Ce parti a tout fait pour réduire le pouvoir du président de la république, parce qu'il n'a pas actuellement de personnalité présidentiable. Et même son ami de toujours et allié occasionnel Moncef Marzouki a eu le droit à ce traitement! Heureusement, diront certains. Idem pour Ben Jaâfar qui ne sera qu'un pion de plus sur l'échiquier d'Ennahdha!
Ce crédo nahdhaoui s'est vu renforcé et confirmé par l'émergence d'un phénomène inattendu: Béji Caïd Essebsi, l'ancien Premier ministre et président de Nida Tounes.
Ce vieux briscard de la politique, de retour sur la scène, ratisse large et remporte, selon tous les sondages, l'adhésion d'une grande majorité des futurs votants. Il n'en fallait pas plus pour qu'Ennahdha le désigne comme l'homme à abattre à tout prix (au sens figuré évidemment) allant jusqu'à faire voter une loi pour exclure les anciens du régime dont la principale cible était, on l'a compris, ce vieux Destourien. Avant de faire un retournement spectaculaire, pour les raisons que tout le monde connaît maintenant.

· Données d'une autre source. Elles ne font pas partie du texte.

Lemma graded_assemble (a : {ffun T * T -> T}) : a \in graded_latin_squares ->
  exists2 F, F \in ffun_on (latin_squares 'I_m) & a = assemble F.
Proof.
rewrite inE => /andP [/latin_sqP [Hr Hc] /forallP Hg].
have hsa p q : hs (a (gr p, gc q)) = (op p.1 q.1, (hs (a (gr p, gc q))).2).
  by rewrite [LHS]surjective_pairing hs1 (eqP (Hg (_, _))) /= cr_gr cc_gc.
pose F := [ffun uv : G * G => [ffun kl : 'I_m * 'I_m =>
             (hs (a (gr (uv.1, kl.1), gc (uv.2, kl.2)))).2]].
exists F.
  apply/ffun_onP => -[u v]; rewrite inE; apply/latin_sqP; split=> [k l1 l2 | l k1 k2].
    rewrite !ffunE /= => El.
    have /(can_inj hsK) /Hr /(can_inj gcK) [] // : hs (a (gr (u, k), gc (v, l1))) =
         hs (a (gr (u, k), gc (v, l2))) by rewrite hsa [RHS]hsa El.
  rewrite !ffunE /= => Ek.
  have /(can_inj hsK) /Hc /(can_inj grK) [] // : hs (a (gr (u, k1), gc (v, l))) =
       hs (a (gr (u, k2), gc (v, l))) by rewrite hsa [RHS]hsa Ek.
apply/ffunP => -[i j]; rewrite !ffunE /=.
have -> : gr (cr i, (hr i).2) = i by rewrite -hr1 -surjective_pairing hrK.
have -> : gc (cc j, (hc j).2) = j by rewrite -hc1 -surjective_pairing hcK.
by rewrite -[op _ _](eqP (Hg (i, j))) -hs1 -surjective_pairing hsK.
Qed.

Lemma card_graded_latin_squares_of_labelling :
  #|graded_latin_squares| = (#|latin_squares 'I_m| ^ (#|G| * #|G|))%N.
Proof.
have -> : graded_latin_squares = assemble @: ffun_on (latin_squares 'I_m).
  apply/setP => a; apply/idP/imsetP => [/graded_assemble [F] | [F /ffun_onP HF ->]].
    by exists F.
  by apply: assemble_graded => uv; have := HF uv; rewrite inE.
by rewrite (card_imset _ assemble_inj) card_ffun_on card_prod.
Qed.

End GradedLatinSquares.

(** * Fibres of labellings *)

Lemma card_preim_fibres (T G : finType) (f : T -> G) (P : pred G) :
  #|[set t | P (f t)]| = \sum_(g | P g) #|[set t | f t == g]|.
Proof.
rewrite -sum1_card (partition_big f P) /= => [|t]; last by rewrite inE.
apply: eq_bigr => g Pg; rewrite -sum1_card; apply: eq_bigl => t.
by rewrite !inE; case: eqP => [->|]; rewrite ?Pg ?andbF.
Qed.

Lemma card_fibres_sum (T G : finType) (f : T -> G) :
  #|T| = \sum_g #|[set t | f t == g]|.
Proof.
by rewrite -(card_preim_fibres f predT); apply: eq_card => t; rewrite inE.
Qed.

Lemma fibre_labelling (T G : finType) (f : T -> G) (m : nat) :
  (forall g, #|[set t | f t == g]| = m) ->
  exists h : T -> G * 'I_m, exists h' : G * 'I_m -> T,
    [/\ cancel h h', cancel h' h & forall t, (h t).1 = f t].
Proof.
move=> Hf.
have Hlt t : index t (enum [set s | f s == f t]) < m.
  by rewrite -(Hf (f t)) cardE index_mem mem_enum inE.
pose h t := (f t, Ordinal (Hlt t)).
have h_inj : injective h.
  move=> t t' [E1]; rewrite -E1 => E2.
  have Ht' : t' \in enum [set s | f s == f t] by rewrite mem_enum inE E1.
  by rewrite -(nth_index t Ht') -E2 nth_index // mem_enum inE.
have cardT : #|T| = (#|G| * m)%N.
  by rewrite (card_fibres_sum f) (eq_bigr (fun=> m)) // sum_nat_const.
have [h' hK h'K] : bijective h.
  by apply: (inj_card_bij h_inj); rewrite card_prod card_ord cardT.
by exists h, h'.
Qed.

Theorem card_graded_latin_squares (T G : finType) (op : G -> G -> G) (m : nat)
    (cr cc cs : T -> G) :
  (forall u, injective (op u)) -> (forall v, injective (op^~ v)) ->
  (forall g, #|[set t | cr t == g]| = m) ->
  (forall g, #|[set t | cc t == g]| = m) ->
  (forall g, #|[set t | cs t == g]| = m) ->
  #|graded_latin_squares op cr cc cs| = (#|latin_squares 'I_m| ^ (#|G| * #|G|))%N.
Proof.
move=> opI Iop /fibre_labelling [hr [gr [hrK grK hr1]]]
  /fibre_labelling [hc [gc [hcK gcK hc1]]] /fibre_labelling [hs [gs [hsK gsK hs1]]].
exact: card_graded_latin_squares_of_labelling hrK grK hr1 hcK gcK hc1 hsK gsK hs1.
Qed.

Local Open Scope ring_scope.

Lemma F2_cases (u : 'F_2) : u = 0 \/ u = 1.
Proof. by case: u => [[|[|k]] Hk] //; [left | right]; apply: val_inj. Qed.

Lemma F2_add11 : 1 + 1 = 0 :> 'F_2.
Proof. exact: val_inj. Qed.

Lemma sum_F2 (F : 'F_2 -> nat) : (\sum_(g : 'F_2) F g = F 0%R + F 1%R)%N.
Proof. by rewrite big_ord_recl big_ord1; congr (F _ + F _)%N; apply: val_inj. Qed.

Lemma sum_F2x2 (F : 'F_2 * 'F_2 -> nat) :
  (\sum_g F g = F (0, 0)%R + F (0, 1)%R + F (1, 0)%R + F (1, 1)%R)%N.
Proof.
rewrite (eq_bigr (fun g => F (g.1, g.2))) => [|[] //].
by rewrite -(pair_bigA _ (fun u v => F (u, v))) /= sum_F2 !sum_F2 addnA.
Qed.

Lemma sum_F2x2x2 (F : 'F_2 * 'F_2 * 'F_2 -> nat) :
  (\sum_g F g = F (0, 0, 0)%R + F (0, 0, 1)%R + F (0, 1, 0)%R + F (0, 1, 1)%R
               + F (1, 0, 0)%R + F (1, 0, 1)%R + F (1, 1, 0)%R + F (1, 1, 1)%R)%N.
Proof.
rewrite (eq_bigr (fun g => F (g.1, g.2))) => [|[] //].
by rewrite -(pair_bigA _ (fun u v => F (u, v))) /= sum_F2x2 !sum_F2 !addnA.
Qed.

Lemma F2_fibres_of_weights (n : 'F_2 -> nat) (m : nat) :
  (n 0%R + n 1%R = 2 * m)%N -> n 1%R = m -> forall g, n g = m.
Proof. by move=> Htot H1 g; case: (F2_cases g) => ->; lia. Qed.

Lemma F2x2_fibres_of_weights (n : 'F_2 -> 'F_2 -> nat) (m : nat) :
  (n 0%R 0%R + n 0%R 1%R + n 1%R 0%R + n 1%R 1%R = 4 * m)%N ->
  (n 1%R 0%R + n 1%R 1%R = 2 * m)%N -> (n 0%R 1%R + n 1%R 1%R = 2 * m)%N ->
  (n 0%R 1%R + n 1%R 0%R = 2 * m)%N -> forall u v, n u v = m.
Proof.
move=> Htot H1 H2 H12 u v.
by case: (F2_cases u) => ->; case: (F2_cases v) => ->; lia.
Qed.

Lemma card_F2_fibres (T : finType) (f : T -> 'F_2) (m : nat) :
  #|T| = (2 * m)%N -> #|[set t | f t != 0]| = m ->
  forall g, #|[set t | f t == g]| = m.
Proof.
move=> HT Hw; apply: F2_fibres_of_weights.
  by rewrite -HT (card_fibres_sum f) sum_F2.
by rewrite -Hw (card_preim_fibres f (fun g => g != 0)) big_mkcond sum_F2.
Qed.

Lemma card_F2x2_fibres (T : finType) (f1 f2 : T -> 'F_2) (m : nat) :
  #|T| = (4 * m)%N -> #|[set t | f1 t != 0]| = (2 * m)%N ->
  #|[set t | f2 t != 0]| = (2 * m)%N -> #|[set t | f1 t + f2 t != 0]| = (2 * m)%N ->
  forall g, #|[set t | (f1 t, f2 t) == g]| = m.
Proof.
pose f t := (f1 t, f2 t); move=> HT H1 H2 H12 [u v].
apply: (F2x2_fibres_of_weights (n := fun u v => #|[set t | f t == (u, v)]|)).
- by rewrite -HT (card_fibres_sum f) sum_F2x2.
- by rewrite -H1 (card_preim_fibres f (fun g => g.1 != 0)) big_mkcond sum_F2x2.
- by rewrite -H2 (card_preim_fibres f (fun g => g.2 != 0)) big_mkcond sum_F2x2 /= !addn0.
rewrite -H12 (card_preim_fibres f (fun g => g.1 + g.2 != 0)) big_mkcond sum_F2x2.
by rewrite !add0r addr0 F2_add11 /= addn0.
Qed.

«Mais Caïd Essebsi président sera sans pouvoir réel», crieront les sceptiques? Erreur car il aura le pouvoir du magistère que lui offrira son poste s'il est élu et Caïd Essebi n'est pas Marzouki! Sans même aucun pouvoir, il aura tous les pouvoirs. Il sera en plus le patron incontestable de la diplomatie et sera le commandant suprême des forces armées. De quoi donner des frissons dans le dos à Ghannouchi, autre vieux routier de la politique.
De là à conclure qu'un Caïd Essebsi peut cacher un Sissi tunisien, il n'y a qu'un pas que l'imagination débordante de Ghannouchi peut franchir. Après tout, qui aurait imaginé qu'un général, illustre inconnu à l'époque, nommé par Mohamed Morsi lui même et faisant ses cinq prières quotidiennes, aurait pu se retourner contre ses bienfaiteurs.
En tout cas, Ghannouchi ne prendra aucun risque et fera tout pour que le futur président, porté au pouvoir suprême par le suffrage universel, ne pourra remporter trop de voix et sera, au mieux, un «tartour» bis. Ce ne serait évidemment pas le cas si Caïd Essebsi venait à l'emporte.
C'est pour cette raison que la présidentielle aura lieu le même jour que les législatives et pour faire d'une pierre deux coups: limiter au maximum les voix portées sur Caïd Essebsi et empêcher son parti de faire un raz-de-marée! Si jamais la présidentielle précédait, non seulement il l'emporterait dès le premier tour, mais son parti profiterait de sa victoire et Ennahdha risquerait d'être laminé.
C'est donc une bataille politique cruciale qui s'annonce et il est fort peu probable que ce parti cède sur ce point quelles que soient les pressions et quitte à renvoyer les élections aux calendes grecques. En espérant que, peut être, le facteur biologique entrerait en jeu!
«Laissons le temps au temps», répliquait François Mitterrand à un journaliste qui le questionnait sur son cancer!